◆ **WHAT TO DO**:
From the entries below, return exactly the lines beginning at the one that contains "- replace (N - 0)%nat with N" and ending at the one that contains "Lemma prodR_one N", both of them included, and only those lines.

◆ **DATA RECORDS**:
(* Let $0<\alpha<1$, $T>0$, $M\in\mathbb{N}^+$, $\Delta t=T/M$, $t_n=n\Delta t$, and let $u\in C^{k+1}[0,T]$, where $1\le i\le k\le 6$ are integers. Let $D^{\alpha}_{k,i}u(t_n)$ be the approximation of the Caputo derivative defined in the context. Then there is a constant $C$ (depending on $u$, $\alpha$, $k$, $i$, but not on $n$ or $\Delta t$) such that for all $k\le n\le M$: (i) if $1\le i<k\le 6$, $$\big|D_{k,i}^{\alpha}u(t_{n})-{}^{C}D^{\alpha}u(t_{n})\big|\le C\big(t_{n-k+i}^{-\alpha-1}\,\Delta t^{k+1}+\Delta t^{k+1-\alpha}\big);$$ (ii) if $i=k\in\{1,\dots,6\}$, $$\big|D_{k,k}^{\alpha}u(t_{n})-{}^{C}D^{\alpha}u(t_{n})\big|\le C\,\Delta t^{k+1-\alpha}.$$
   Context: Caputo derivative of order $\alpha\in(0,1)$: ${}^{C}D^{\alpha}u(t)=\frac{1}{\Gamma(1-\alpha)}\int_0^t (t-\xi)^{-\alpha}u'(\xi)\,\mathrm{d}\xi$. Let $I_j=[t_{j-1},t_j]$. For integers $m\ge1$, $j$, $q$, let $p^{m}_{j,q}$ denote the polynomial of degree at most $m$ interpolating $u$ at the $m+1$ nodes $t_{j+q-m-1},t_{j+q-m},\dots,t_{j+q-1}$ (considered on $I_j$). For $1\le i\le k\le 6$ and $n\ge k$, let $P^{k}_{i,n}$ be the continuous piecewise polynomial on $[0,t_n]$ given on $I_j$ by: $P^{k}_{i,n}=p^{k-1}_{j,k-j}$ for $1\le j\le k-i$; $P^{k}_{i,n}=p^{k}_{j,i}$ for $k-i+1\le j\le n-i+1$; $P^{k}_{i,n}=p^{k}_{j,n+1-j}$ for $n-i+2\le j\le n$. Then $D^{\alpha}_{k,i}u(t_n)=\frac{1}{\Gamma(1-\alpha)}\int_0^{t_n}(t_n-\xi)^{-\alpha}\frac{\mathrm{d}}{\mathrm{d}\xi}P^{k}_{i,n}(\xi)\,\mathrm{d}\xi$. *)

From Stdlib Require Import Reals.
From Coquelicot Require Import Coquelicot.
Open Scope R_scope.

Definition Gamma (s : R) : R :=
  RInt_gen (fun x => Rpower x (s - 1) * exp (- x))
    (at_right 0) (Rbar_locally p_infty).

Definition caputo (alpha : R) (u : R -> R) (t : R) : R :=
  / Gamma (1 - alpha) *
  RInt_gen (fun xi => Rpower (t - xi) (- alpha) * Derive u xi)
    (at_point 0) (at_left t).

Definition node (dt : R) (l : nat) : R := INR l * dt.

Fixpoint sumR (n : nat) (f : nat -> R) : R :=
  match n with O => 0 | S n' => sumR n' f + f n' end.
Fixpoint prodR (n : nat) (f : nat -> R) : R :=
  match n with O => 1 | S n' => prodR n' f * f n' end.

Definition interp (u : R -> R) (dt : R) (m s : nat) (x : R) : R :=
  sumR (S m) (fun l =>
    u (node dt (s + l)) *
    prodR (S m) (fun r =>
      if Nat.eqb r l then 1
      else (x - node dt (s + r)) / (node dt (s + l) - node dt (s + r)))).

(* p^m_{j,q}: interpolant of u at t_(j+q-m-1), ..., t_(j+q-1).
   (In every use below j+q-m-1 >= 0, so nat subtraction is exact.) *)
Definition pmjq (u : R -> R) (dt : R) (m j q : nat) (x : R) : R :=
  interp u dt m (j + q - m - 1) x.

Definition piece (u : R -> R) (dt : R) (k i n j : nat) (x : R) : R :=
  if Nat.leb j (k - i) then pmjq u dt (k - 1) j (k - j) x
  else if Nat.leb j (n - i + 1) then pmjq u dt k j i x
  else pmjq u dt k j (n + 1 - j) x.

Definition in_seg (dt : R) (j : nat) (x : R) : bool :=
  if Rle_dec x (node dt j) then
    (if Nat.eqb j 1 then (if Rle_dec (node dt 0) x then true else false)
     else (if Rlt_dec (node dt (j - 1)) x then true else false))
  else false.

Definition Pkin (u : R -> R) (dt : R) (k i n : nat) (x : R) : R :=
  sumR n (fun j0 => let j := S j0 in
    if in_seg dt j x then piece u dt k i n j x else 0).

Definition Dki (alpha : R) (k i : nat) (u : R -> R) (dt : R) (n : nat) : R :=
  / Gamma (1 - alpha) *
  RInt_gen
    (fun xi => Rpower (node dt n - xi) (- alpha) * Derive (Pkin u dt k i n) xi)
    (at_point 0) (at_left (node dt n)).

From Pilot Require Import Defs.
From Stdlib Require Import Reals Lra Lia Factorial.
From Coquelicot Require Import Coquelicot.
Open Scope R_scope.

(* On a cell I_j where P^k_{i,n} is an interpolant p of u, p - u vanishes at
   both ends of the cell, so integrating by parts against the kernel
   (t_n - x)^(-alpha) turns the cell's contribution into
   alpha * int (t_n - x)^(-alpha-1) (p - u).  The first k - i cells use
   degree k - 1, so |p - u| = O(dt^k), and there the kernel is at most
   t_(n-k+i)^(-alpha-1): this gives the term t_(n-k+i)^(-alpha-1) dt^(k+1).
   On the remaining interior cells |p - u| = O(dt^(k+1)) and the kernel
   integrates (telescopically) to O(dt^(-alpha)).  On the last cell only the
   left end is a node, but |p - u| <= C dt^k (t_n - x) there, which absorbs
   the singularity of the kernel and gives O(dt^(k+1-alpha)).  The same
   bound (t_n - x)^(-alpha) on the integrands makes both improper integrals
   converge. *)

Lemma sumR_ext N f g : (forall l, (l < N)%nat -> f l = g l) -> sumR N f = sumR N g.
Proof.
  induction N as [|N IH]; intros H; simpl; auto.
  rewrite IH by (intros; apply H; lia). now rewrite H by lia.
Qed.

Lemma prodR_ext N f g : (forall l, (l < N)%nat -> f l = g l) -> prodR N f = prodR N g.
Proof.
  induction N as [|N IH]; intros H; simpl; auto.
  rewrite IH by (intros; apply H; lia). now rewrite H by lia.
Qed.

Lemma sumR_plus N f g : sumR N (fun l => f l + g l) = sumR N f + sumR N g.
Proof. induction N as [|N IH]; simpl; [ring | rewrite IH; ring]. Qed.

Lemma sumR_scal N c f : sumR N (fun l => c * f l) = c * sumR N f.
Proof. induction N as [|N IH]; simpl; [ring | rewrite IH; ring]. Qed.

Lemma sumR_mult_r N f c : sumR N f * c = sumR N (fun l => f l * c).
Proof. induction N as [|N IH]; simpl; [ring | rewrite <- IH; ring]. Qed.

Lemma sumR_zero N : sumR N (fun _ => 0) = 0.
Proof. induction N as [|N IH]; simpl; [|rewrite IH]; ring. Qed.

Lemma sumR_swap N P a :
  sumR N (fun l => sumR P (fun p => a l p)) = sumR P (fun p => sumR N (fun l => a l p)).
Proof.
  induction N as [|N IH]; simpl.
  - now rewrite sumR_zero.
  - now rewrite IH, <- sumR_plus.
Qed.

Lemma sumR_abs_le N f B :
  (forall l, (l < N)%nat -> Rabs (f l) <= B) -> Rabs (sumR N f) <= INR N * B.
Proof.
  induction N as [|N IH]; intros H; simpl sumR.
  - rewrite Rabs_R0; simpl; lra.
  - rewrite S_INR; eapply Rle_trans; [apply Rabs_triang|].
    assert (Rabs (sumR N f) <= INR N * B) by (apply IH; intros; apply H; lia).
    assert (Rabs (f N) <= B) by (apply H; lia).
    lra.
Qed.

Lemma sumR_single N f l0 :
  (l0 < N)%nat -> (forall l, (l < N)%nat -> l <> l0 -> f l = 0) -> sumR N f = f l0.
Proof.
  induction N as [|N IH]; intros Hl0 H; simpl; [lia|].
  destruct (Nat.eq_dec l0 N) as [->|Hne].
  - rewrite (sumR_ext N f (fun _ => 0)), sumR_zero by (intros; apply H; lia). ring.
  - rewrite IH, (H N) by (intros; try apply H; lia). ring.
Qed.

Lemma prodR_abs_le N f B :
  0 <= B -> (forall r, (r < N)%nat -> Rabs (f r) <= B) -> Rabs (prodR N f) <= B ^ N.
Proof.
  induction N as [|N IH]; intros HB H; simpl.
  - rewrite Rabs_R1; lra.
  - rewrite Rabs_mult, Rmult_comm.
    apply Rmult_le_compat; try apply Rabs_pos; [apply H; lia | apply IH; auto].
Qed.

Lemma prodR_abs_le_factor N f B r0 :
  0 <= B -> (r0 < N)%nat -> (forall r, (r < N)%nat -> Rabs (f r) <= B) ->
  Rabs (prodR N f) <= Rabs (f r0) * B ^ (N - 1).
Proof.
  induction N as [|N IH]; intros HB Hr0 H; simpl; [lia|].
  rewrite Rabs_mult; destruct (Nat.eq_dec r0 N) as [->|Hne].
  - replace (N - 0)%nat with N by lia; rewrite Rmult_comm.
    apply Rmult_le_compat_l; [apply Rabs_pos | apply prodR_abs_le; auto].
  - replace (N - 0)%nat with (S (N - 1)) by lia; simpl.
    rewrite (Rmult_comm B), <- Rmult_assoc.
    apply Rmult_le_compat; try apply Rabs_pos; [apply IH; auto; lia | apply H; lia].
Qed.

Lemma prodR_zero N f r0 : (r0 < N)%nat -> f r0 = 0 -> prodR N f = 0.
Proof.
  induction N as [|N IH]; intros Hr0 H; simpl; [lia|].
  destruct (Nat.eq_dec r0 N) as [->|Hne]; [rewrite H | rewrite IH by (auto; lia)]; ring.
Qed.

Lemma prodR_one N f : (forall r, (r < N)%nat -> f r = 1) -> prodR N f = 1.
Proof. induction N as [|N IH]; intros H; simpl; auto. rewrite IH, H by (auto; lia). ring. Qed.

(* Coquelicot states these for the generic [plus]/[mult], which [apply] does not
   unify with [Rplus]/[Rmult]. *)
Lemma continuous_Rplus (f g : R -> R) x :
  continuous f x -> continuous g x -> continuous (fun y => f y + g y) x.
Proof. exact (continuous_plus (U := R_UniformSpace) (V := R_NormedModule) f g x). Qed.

◆ **RESPONSE TO THE EXERCISE**:
  - replace (N - 0)%nat with N by lia; rewrite Rmult_comm.
    apply Rmult_le_compat_l; [apply Rabs_pos | apply prodR_abs_le; auto].
  - replace (N - 0)%nat with (S (N - 1)) by lia; simpl.
    rewrite (Rmult_comm B), <- Rmult_assoc.
    apply Rmult_le_compat; try apply Rabs_pos; [apply IH; auto; lia | apply H; lia].
Qed.

Lemma prodR_zero N f r0 : (r0 < N)%nat -> f r0 = 0 -> prodR N f = 0.
Proof.
  induction N as [|N IH]; intros Hr0 H; simpl; [lia|].
  destruct (Nat.eq_dec r0 N) as [->|Hne]; [rewrite H | rewrite IH by (auto; lia)]; ring.
Qed.

Lemma prodR_one N f : (forall r, (r < N)%nat -> f r = 1) -> prodR N f = 1.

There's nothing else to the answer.